Saturday, June 29, 2019

Short Film Spotlight: BREATHE (2019)


Welcome back to another installment of SHORT FILM SPOTLIGHT, where I highlight some of the best short films out there.  This week, I take a look at the powerfully dramatic short film... BREATHE.

I recently discovered this brilliant and emotional short film after listening to the writer and director, Devon Stewart, talk about it on an episode of a podcast I listen to called Collider Live. He spoke about this being his directorial debut, and if I hadn’t known that, I never would have guessed it. Breathe is a stunning piece of filmmaking, on every level. Devon Stewart proved that he is made for this, as his eye for composition and his ability to pull emotion from the audience is blatantly evident here.


Here is the official synopsis for Breathe: Star Tristin Mays plays Charlotte, a woman battling her own inner demons as she pursues a questionable relationship against the wishes of her mother.  This is just the tip of the iceberg, and if you haven’t watched the film yet, do so now because I’m about to head into spoiler territory...
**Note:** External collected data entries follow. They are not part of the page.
(* For all integers $n\geq 1$ and all real $x\in(0,2\pi/3)$, $$\sum_{k=1}^n (n-k+1)(n-k+2)\,k\sin(kx)>\frac{2}{9}\sin(x)\bigl(1+2\cos(x)\bigr)^2,$$ and the constant $2/9$ is best possible: the inequality $\sum_{k=1}^n (n-k+1)(n-k+2)k\sin(kx)>\lambda\sin(x)(1+2\cos x)^2$ for all $n\ge1$, $x\in(0,2\pi/3)$ fails for every $\lambda>2/9$. *)

From Stdlib Require Import Reals Lra.
Open Scope R_scope.

Definition S (n : nat) (x : R) : R :=
  sum_f 1 n (fun k => (INR n - INR k + 1) * (INR n - INR k + 2) * INR k * sin (INR k * x)).

(* Put x = 2t with 0 < t < pi/3, s = sin t, c = cos t.  Summing three times
   by parts gives the closed form  8 s^4 S n (2t) = F n t  with
     F n t = (2n+3) s (2c + cos((2n+3)t)) - 3c sin((2n+3)t),
   and the right-hand side becomes  B t = 32/9 s^5 c (4c^2 - 1)^2.  For n >= 3
   we show F > B on four regions covering (0, pi/3):
   I.   (n+1) t <= pi: F = 8 s Phi_{n+1} with Phi a sum of nonnegative terms
        whose first two already exceed B;
   II.  t <= 9/10 and III. t far from pi/3: a Cauchy-Schwarz bound on the
        oscillating part reduces F > B to positivity of an explicit [gap];
   IV.  t within 1/(2n+3) of pi/3: the half angle (n + 3/2) t is close to an
        odd multiple of pi/6, which controls the oscillating part directly.
   The cases n = 1, 2 are explicit, and n = 1 with x -> 0 shows sharpness. *)

From Stdlib Require Import Reals Lra Lia Nsatz.
Open Scope R_scope.

(* The Pythagorean identity in the product form used by [nsatz]. *)
Lemma sin_cos_sq (t : R) : sin t * sin t + cos t * cos t = 1.
Proof. pose proof (sin2_cos2 t) as H. unfold Rsqr in H. lra. Qed.

Lemma PI_gt_3 : 3 < PI.
Proof. pose proof PI2_3_2. lra. Qed.
(* [a1 conj c = |a1| (|w| + w)] with [w = a1 conj a2], and [|arg (|w| + w)| = |arg w| / 2]. *)
Lemma quarter_sector_bisector a1 a2 :
  0 < fst (Cmul a1 (Cconj a2)) -> quarter_sector (Cmul a1 (Cconj (bisector a1 a2))).
Proof.
  destruct a1 as [x1 y1], a2 as [x2 y2].
  unfold quarter_sector, bisector, Cnorm, Cmul, Cadd, Cconj, Cof; cbn [fst snd].
  set (n1 := sqrt (x1 ^ 2 + y1 ^ 2)); set (n2 := sqrt (x2 ^ 2 + y2 ^ 2)). intros Hd.
  assert (E1 : n1 * n1 = x1 ^ 2 + y1 ^ 2) by (apply sqrt_sqrt; nra).
  assert (E2 : n2 * n2 = x2 ^ 2 + y2 ^ 2) by (apply sqrt_sqrt; nra).
  assert (0 <= n1) by apply sqrt_pos. assert (0 <= n2) by apply sqrt_pos.
  assert (P1 : 0 < n1).
  { apply sqrt_lt_R0. destruct (Req_dec x1 0), (Req_dec y1 0); subst; nra. }
  assert (Hc : (y1 * x2 - x1 * y2) ^ 2 <= (n1 * n2) ^ 2)
    by (replace ((n1 * n2) ^ 2) with ((n1 * n1) * (n2 * n2)) by ring; rewrite E1, E2; nra).
  assert (0 <= n1 * n2) by nra.
  assert (Hc' : - (n1 * n2) <= y1 * x2 - x1 * y2 <= n1 * n2) by (split; nra).
  replace (x1 * (n2 * x1 - 0 * y1 + (n1 * x2 - 0 * y2)) -
           y1 * - (n2 * y1 + 0 * x1 + (n1 * y2 + 0 * x2)))
    with (n1 * (n1 * n2 + (x1 * x2 + y1 * y2)))
    by (transitivity (n2 * (n1 * n1) + n1 * (x1 * x2 + y1 * y2)); [ring | rewrite E1; ring]).
  replace (x1 * - (n2 * y1 + 0 * x1 + (n1 * y2 + 0 * x2)) +
           y1 * (n2 * x1 - 0 * y1 + (n1 * x2 - 0 * y2)))
    with (n1 * (y1 * x2 - x1 * y2)) by ring.
  rewrite Ropp_mult_distr_r. split; apply Rmult_lt_compat_l; lra.
Qed.

Definition cone (a1 a2 x : C) : Prop :=
  exists al be, 0 <= al /\ 0 <= be /\ 0 < al + be /\
    x = Cadd (Cmul (Cof al) a1) (Cmul (Cof be) a2).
SPOILERS!!!  You have been warned.




At the beginning of this film, it’s set up to make you think Charlotte, played by the amazingly talented Tristin Mays, who you may know from the current iteration of MacGyver where she plays Riley, is in an abusive relationship, as evident from the massive shiner on her left eye.  Her behaviors are indicative of abuse (depressed state, lack of appetite, hostility toward others), and are portrayed masterfully by Mays.  But as the film progresses, it seems as though there’s something more going on.
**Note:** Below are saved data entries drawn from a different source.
Lemma in_flight_rcons_proposed T k l :
  (forall T' t, List.In (MConfirm T' t) l -> t <= k) -> in_flight T k (rcons l (MProposed T k)).
Proof.
elim: l => [|m l IHl] le_k /=; first by left.
right; split; last by apply: IHl => T' t in_l; apply: (le_k T' t); right.
by case: m le_k => // T' t le_k; apply: (le_k T' t); left.
Qed.

Lemma in_flight_bcast (c : chans f Tx) x m a b T k :
  in_flight T k (c a b) -> in_flight T k (bcast c x m a b).
Proof. by rewrite /bcast; case: ifP => // _; apply: in_flight_rcons. Qed.

Lemma in_flight_setch (c : chans f Tx) x y m l a b T k :
  c x y = m :: l -> m <> MProposed T k ->
  in_flight T k (c a b) -> in_flight T k (setch c x y l a b).
Proof.
rewrite /setch => cxy not_prop; case: ifP => // /andP [/eqP -> /eqP ->].
by rewrite cxy => -[/not_prop|[]].
Qed.

Definition client_confirmed (st : gst) (T : Tx) (t : nat) : Prop :=
  [/\ cph (cli st T) = Done, t = that (acks (cli st T)) & N - f <= nacks (acks (cli st T))].

(* Stable under steps: later proposals of [s] are stamped with its clock, already >= [t]. *)
Definition settled (st : gst) (s : 'I_N) (t : nat) (P : Tx -> nat -> Prop) : Prop :=
  t <= clock (srv st s) /\ forall T k, (T, k) \in own st s -> k < t -> P T k.

Lemma settled_mono (st st' : gst) s t (P P' : Tx -> nat -> Prop) :
  settled st s t P -> clock (srv st s) <= clock (srv st' s) ->
  (forall p, p \in own st' s -> p \in own st s \/ clock (srv st s) <= p.2) ->
  (forall T k, k < t -> P T k -> P' T k) -> settled st' s t P'.
Proof.
move=> [le_t P_low] le_clock own_new P_P'; split; first exact: leq_trans le_clock.
move=> T k /own_new [/P_low P_k lt_k|/= le_k lt_k]; first exact: P_P' lt_k (P_k lt_k).
by move: (leq_trans le_t le_k); rewrite leqNgt lt_k.
Qed.

Record inv (st : gst) : Prop := {
  sig_net : forall x y T t, List.In (MConfirm T t) (net st x y) -> (T, t) \in signed st;
  sig_confirmed : forall s T t, s \notin Byz ->
    T \in confirmed (srv st s) t -> (T, t) \in signed st;
  sig_client : forall T t, (T, t) \in signed st -> client_confirmed st T t;
  ack_own : forall s T k, s \notin Byz -> acks (cli st T) s = Some k -> (T, k) \in own st s;
  ack_net_own : forall s y T k, s \notin Byz ->
    List.In (MProposeAck T k) (net st (inl s) y) -> (T, k) \in own st s;
  proposed_net_own : forall s y T k, s \notin Byz ->
    List.In (MProposed T k) (net st (inl s) y) -> (T, k) \in own st s;
  own_in_flight : forall s s1 T k, s \notin Byz -> s1 \notin Byz -> (T, k) \in own st s ->
    (T, k) \in proposed (srv st s1) s \/ in_flight T k (net st (inl s) (inl s1));
  confirm_net_clock : forall s y T t, s \notin Byz ->
    List.In (MConfirm T t) (net st (inl s) y) -> t <= clock (srv st s);
  witness_signed : forall s1 s T, s1 \notin Byz -> s \in cwit (srv st s1) T ->
    exists t, (T, t) \in signed st;
  witness_settled : forall s1 s T t, s1 \notin Byz -> s \notin Byz ->
    s \in cwit (srv st s1) T -> (T, t) \in signed st ->
    settled st s t (fun T' k => (T', k) \in proposed (srv st s1) s);
  pending_quorum : forall s1 t, s1 \notin Byz -> pending (srv st s1) t != [::] ->
    exists2 W : {set 'I_N}, #|W| = N - f &
      forall s, s \in W -> s \notin Byz -> settled st s t (fun T _ => T \in pending (srv st s1) t)
}.

Lemma inv_init : inv (init f Tx).
Proof. by split => //= s1 s T _; rewrite in_set0. Qed.

Lemma signed_unique (st : gst) T t t' :
  inv st -> (T, t) \in signed st -> (T, t') \in signed st -> t = t'.
Proof. by move=> Ist /(sig_client Ist) [_ -> _] /(sig_client Ist) [_ -> _]. Qed.

Lemma inv_quiet (st st' : gst) :
  inv st -> (forall s, srv st' s = srv st s) -> {subset signed st <= signed st'} ->
  (forall T t, (T, t) \in signed st' -> (T, t) \in signed st \/
     forall s1 s, s1 \notin Byz -> s \notin cwit (srv st s1) T) ->
  (forall s y m, s \notin Byz -> List.In m (net st' (inl s) y) -> List.In m (net st (inl s) y)) ->
  (forall s s1 T k, s \notin Byz ->
     in_flight T k (net st (inl s) (inl s1)) -> in_flight T k (net st' (inl s) (inl s1))) ->
  (forall x y T t, List.In (MConfirm T t) (net st' x y) -> (T, t) \in signed st') ->
  (forall T t, (T, t) \in signed st' -> client_confirmed st' T t) ->
  (forall s T k, s \notin Byz -> acks (cli st' T) s = Some k -> (T, k) \in own st s) ->
  inv st'.
Proof.
move=> Ist same_srv sub_signed new_signed net_sub in_flight' sig_net' sig_client' ack_own'.
split => //.
- by move=> s T t s_ok; rewrite same_srv => /(sig_confirmed Ist s_ok) /sub_signed.
- by move=> s T k s_ok; rewrite same_srv; apply: ack_own'.
- by move=> s y T k s_ok; rewrite same_srv => /(net_sub _ _ _ s_ok) /(ack_net_own Ist s_ok).
- by move=> s y T k s_ok; rewrite same_srv => /(net_sub _ _ _ s_ok) /(proposed_net_own Ist s_ok).
- move=> s s1 T k s_ok s1_ok; rewrite !same_srv => /(own_in_flight Ist s_ok s1_ok).
  by case=> [|/(in_flight' _ _ _ _ s_ok)]; [left|right].
- by move=> s y T t s_ok; rewrite same_srv => /(net_sub _ _ _ s_ok) /(confirm_net_clock Ist s_ok).
- move=> s1 s T s1_ok; rewrite same_srv => /(witness_signed Ist s1_ok) [t signed_t].
  by exists t; apply: sub_signed.
- move=> s1 s T t s1_ok s_ok; rewrite same_srv => wit /new_signed [signed_t|no_wit].
    by rewrite /settled !same_srv; apply: (witness_settled Ist s1_ok s_ok wit).
  by rewrite (negbTE (no_wit _ _ s1_ok)) in wit.
- move=> s1 t s1_ok; rewrite same_srv => /(pending_quorum Ist s1_ok) [W card_W W_settled].
  by exists W => // s s_W s_ok; rewrite /settled same_srv; apply: W_settled.
Qed.

Lemma inv_client_propose (st : gst) T :
  inv st -> cph (cli st T) = Idle ->
  inv (GState (srv st) (upd (cli st) T (CState Waiting (acks (cli st T))))
              (bcast (net st) (inr T) (MPropose T)) (signed st)).
Proof.
move=> Ist idle; apply: (inv_quiet Ist) => //=.
- by move=> T0 t ->; left.
- by move=> x y T0 t /In_bcast [/(sig_net Ist)|[]].
- move=> T0 t /(sig_client Ist) [done_T0 ? ?].
  rewrite /client_confirmed /= /upd; case: eqP => // eq_T0.
  by rewrite -eq_T0 done_T0 in idle.
- by move=> s T0 k s_ok; rewrite /upd; case: eqP => [->|_]; apply: (ack_own Ist).
Qed.

Lemma inv_client_recv (st : gst) T s m rest :
  inv st -> net st (inl s) (inr T) = m :: rest ->
  let cs := cli st T in
  let cs' := match m with
             | MProposeAck T' k =>
                 if (T' == T) && is_waiting (cph cs) && (acks cs s == None)
                 then CState (cph cs) (upd (acks cs) s (Some k)) else cs
             | _ => cs end in
  inv (GState (srv st) (upd (cli st) T cs') (setch (net st) (inl s) (inr T) rest) (signed st)).
Proof.
move=> Ist net_sT cs cs'; apply: (inv_quiet Ist) => //=.
- by move=> T0 t ->; left.
- by move=> s0 y m0 _; apply: In_setch net_sT.
- by move=> s0 s1 T0 k _; rewrite /setch /= andbF.
- by move=> x y T0 t /(In_setch net_sT) /(sig_net Ist).
- move=> T0 t /(sig_client Ist) [done_T0 ? ?].
  rewrite /client_confirmed /= /upd; case: eqP => // eq_T0.
  suff -> : cs' = cs by rewrite /cs -eq_T0.
  by rewrite /cs' /cs; case: m {net_sT cs'} => // T1 k; rewrite -eq_T0 done_T0 andbF.
- move=> s0 T0 k s0_ok; rewrite /upd; case: eqP => [->|_]; last exact: ack_own.
  rewrite /cs' /cs; case: m net_sT {cs'} => [?|? ?|T1 k1|? ?] net_sT; try exact: ack_own.
  case: ifP => [/andP [/andP [/eqP eq_T1 _] _]|_]; last exact: ack_own.
  rewrite -eq_T1 in net_sT *.
  rewrite /= /upd; case: eqP => [eq_s [<-]|_]; last exact: ack_own.
  rewrite -eq_s in net_sT; apply: (ack_net_own Ist (y := inr T1) s0_ok).
  by rewrite net_sT; left.
Qed.

Lemma inv_client_confirm (st : gst) T :
  inv st -> cph (cli st T) = Waiting -> N - f <= nacks (acks (cli st T)) ->
  inv (GState (srv st) (upd (cli st) T (CState Done (acks (cli st T))))
              (bcast (net st) (inr T) (MConfirm T (that (acks (cli st T)))))
              ((T, that (acks (cli st T))) :: signed st)).
Proof.
move=> Ist waiting quorum.
have unsigned t : (T, t) \notin signed st.
  by apply/negP => /(sig_client Ist) [done_T _ _]; rewrite done_T in waiting.
apply: (inv_quiet Ist) => /=.
- by [].
- by move=> p p_signed; rewrite inE p_signed orbT.
- move=> T0 t; rewrite inE => /orP [/eqP [-> _]|]; last by left.
  right=> s1 s s1_ok; apply/negP => /(witness_signed Ist s1_ok) [t'].
  by rewrite (negbTE (unsigned t')).
- by move=> s y m _; rewrite /bcast.
- by move=> s s1 T0 k _; rewrite /bcast.
- move=> x y T0 t /In_bcast [/(sig_net Ist) signed_t|[[-> ->] _]].
    by rewrite inE signed_t orbT.
  by rewrite inE eqxx.
- move=> T0 t; rewrite inE /client_confirmed /= /upd => /orP [/eqP [-> ->]|signed_t].
    by rewrite eqxx.
  case: eqP => [eq_T0|_]; last exact: (sig_client Ist).
  by move: signed_t; rewrite eq_T0 (negbTE (unsigned t)).
- by move=> s T0 k s_ok; rewrite /upd; case: eqP => [->|_]; apply: (ack_own Ist).
Qed.

Lemma inv_byz_send (st : gst) s y m :
  inv st -> s \in Byz -> (forall T t, m = MConfirm T t -> (T, t) \in signed st) ->
  inv (GState (srv st) (cli st) (push (net st) (inl s) y m) (signed st)).
Proof.
move=> Ist s_byz m_signed.
have neq_s s0 : s0 \notin Byz -> (inl s0 == inl s :> node f Tx) = false.
  by apply: contraNF => /eqP [->].
apply: (inv_quiet Ist) => //=.
- by move=> T t ->; left.
- by move=> s0 y0 m0 s0_ok; rewrite /push neq_s.
- by move=> s0 s1 T k s0_ok; rewrite /push neq_s.
- by move=> x y0 T t /In_push [/(sig_net Ist)|[/esym /m_signed]].
- exact: (sig_client Ist).
- exact: (ack_own Ist).
Qed.

Lemma inv_drop (st : gst) r x m rest :
  inv st -> net st x (inl r) = m :: rest -> (forall s T k, x = inl s -> m <> MProposed T k) ->
  inv (GState (upd (srv st) r (srv st r)) (cli st) (setch (net st) x (inl r) rest) (signed st)).
Proof.
move=> Ist net_x not_proposed; apply: (inv_quiet Ist) => /=.
- by move=> s; rewrite /upd; case: eqP => [->|].
- by [].
- by move=> T t ->; left.
- by move=> s y m0 _; apply: In_setch net_x.
- move=> s s1 T k _; case: (x =P inl s) => [x_s|x_s].
    by apply: (in_flight_setch net_x); apply: not_proposed x_s.
  by rewrite /setch; case: ifP => // /andP [/eqP /esym /x_s []].
- by move=> a b T t /(In_setch net_x) /(sig_net Ist).
- exact: (sig_client Ist).
- exact: (ack_own Ist).
Qed.

Definition record_proposal (g : 'I_N -> sstate f Tx) r s0 p : 'I_N -> sstate f Tx :=
  let ss := g r in
  upd g r (SState (clock ss) (upd (proposed ss) s0 (rcons (proposed ss s0) p))
                  (confirmed ss) (pending ss) (cwit ss) (fwd ss)).

Lemma record_proposal_frame g r s0 p s : let ss := record_proposal g r s0 p s in
  [/\ clock ss = clock (g s), confirmed ss = confirmed (g s),
      pending ss = pending (g s) & cwit ss = cwit (g s)].
Proof. by rewrite /record_proposal /upd; case: eqP => // ->. Qed.

Lemma mem_record_proposal g r s0 p s s1 p' :
  (p' \in proposed (record_proposal g r s0 p s) s1) =
  (p' \in proposed (g s) s1) || [&& s == r, s1 == s0 & p' == p].
Proof.
rewrite /record_proposal /upd; case: (s =P r) => [->|_]; last by rewrite orbF.
case: (s1 =P s0) => [->|ne]; rewrite /= ?eqxx /= ?orbF; first by rewrite -cats1 mem_cat inE.
by case: eqP => // /ne.
Qed.

Lemma inv_propose (st : gst) r X T rest :
  inv st -> r \notin Byz -> net st (inr X) (inl r) = MPropose T :: rest ->
  let k := clock (srv st r) in
  let c := setch (net st) (inr X) (inl r) rest in
  inv (GState (record_proposal (srv st) r r (T, k)) (cli st)
        (push (bcast c (inl r) (MProposed T k)) (inl r) (inr X) (MProposeAck T k)) (signed st)).
Proof.
move=> Ist r_ok net_Xr k c; set st' := GState _ _ _ _.
have same s := record_proposal_frame (srv st) r r (T, k) s.
have proposed_mono s s0 p : p \in proposed (srv st s) s0 -> p \in proposed (srv st' s) s0.
  by rewrite mem_record_proposal => ->.
have own_new s p : p \in own st' s -> p \in own st s \/ [/\ s = r, p.1 = T & p.2 = k].
  by rewrite mem_record_proposal => /orP [|/and3P [/eqP -> _ /eqP ->]]; [left|right].
have net_in a b m : List.In m (net st' a b) ->
    List.In m (net st a b) \/ a = inl r /\ (m = MProposed T k \/ m = MProposeAck T k).
  case/In_push => [|[-> [-> _]]]; last by right; split; last right.
  by case/In_bcast => [/(In_setch net_Xr)|[-> ->]]; [left|right; split; last left].
have net_srv s s1 : net st' (inl s) (inl s1) =
    if s == r then rcons (net st (inl s) (inl s1)) (MProposed T k) else net st (inl s) (inl s1).
  by rewrite /st' /= /push /bcast /c /setch /= andbF andbT.
have settled' s t (P P' : Tx -> nat -> Prop) :
    settled st s t P -> (forall T k, P T k -> P' T k) -> settled st' s t P'.
  move=> settled_s P_P'; apply: (settled_mono settled_s) => [|p /own_new|T0 k0 _ /P_P' //].
    by have [-> _ _ _] := same s.
  by case=> [|[-> _ ->]]; [left|right].
split.
- by move=> a b T0 t /net_in [/(sig_net Ist)|[_ []]].
- by move=> s T0 t s_ok; have [_ -> _ _] := same s; apply: (sig_confirmed Ist).
- exact: (sig_client Ist).
- by move=> s T0 k0 s_ok /(ack_own Ist s_ok) /proposed_mono.
- move=> s y T0 k0 s_ok /net_in [/(ack_net_own Ist s_ok) /proposed_mono //|[[->] [//|[-> ->]]]].
  by rewrite mem_record_proposal !eqxx orbT.
- move=> s y T0 k0 s_ok.
  case/net_in => [/(proposed_net_own Ist s_ok) /proposed_mono //|[[->] [[-> ->]|//]]].
  by rewrite mem_record_proposal !eqxx orbT.
- move=> s s1 T0 k0 s_ok s1_ok; rewrite net_srv => /own_new [own_T0|[-> /= -> ->]].
    case/(own_in_flight Ist s_ok s1_ok): own_T0 => [/proposed_mono|]; first by left.
    by right; case: ifP => // _; apply: in_flight_rcons.
  right; rewrite eqxx; apply: in_flight_rcons_proposed => T' t.
  exact: (confirm_net_clock Ist r_ok).
- move=> s y T0 t s_ok; have [-> _ _ _] := same s.
  by case/net_in => [/(confirm_net_clock Ist s_ok)|[_ []]].
- by move=> s1 s T0 s1_ok; have [_ _ _ ->] := same s1; apply: (witness_signed Ist).
- move=> s1 s T0 t s1_ok s_ok; have [_ _ _ ->] := same s1 => wit signed_t.
  by apply: settled' (witness_settled Ist s1_ok s_ok wit signed_t) _ => T' k' /proposed_mono.
- move=> s1 t s1_ok; have [_ _ -> _] := same s1 => /(pending_quorum Ist s1_ok) [W card_W W_settled].
  by exists W => // s s_W s_ok; apply: settled' (W_settled s s_W s_ok) _.
Qed.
We see a snippet of a flashback of Charlotte being attacked while on her way home from her mother’s house. We learn this took place a year ago, but we are led to believe that perhaps she has become some sort of sex slave, in servitude to her attacker, possibly by threat of harm either to herself, or her loved ones. Or at least that’s how I interpreted it. She’s obviously suffering from some severe PTSD, and, like many abuse victims, it seems like she isn’t handling it well. It’s not totally clear, and that’s the beauty of this entire film. Not knowing the whole truth forces you to try to fill in the gaps, and the mind can conjure up all sorts of scenarios.

But then we reach the end, and the truth is revealed. Charlotte isn’t in an abusive relationship. In fact, it’s quite the opposite, as she has taken it upon herself to learn how to defend against any future attack by taking up boxing. This was an extremely powerful moment for me as there are people in my life, loved ones, who have suffered through similar ordeals as Charlotte. Some were able to get back up and push forward with life, taking charge so it never happens again, and some crumpled in on themselves. I see Charlotte as teetering on the edge of both.  She’s trying to take back her strength, take back her identity, her self, but her emotions, her anger, are driving her downward in a bit of a spiral. And her coach sees that. She still has a lot of work to do, and probably always will, but it’s how she goes about dealing with it all that matters.


This was a truly beautiful film, and was even more poignant on the second watch. Knowing the truth, you see more of the picture, you better understand the reactions from Charlotte’s mom and brother, and from Charlotte herself. It paints a bigger picture of a woman who was broken, but is trying desperately to put herself back together on her own terms.  It’s powerful, it’s emotional, and it’s a film that everyone should see. I look forward to seeing what’s next from Devon Stewart, because if it’s anywhere near as good as Breathe, it’ll be worth the watch.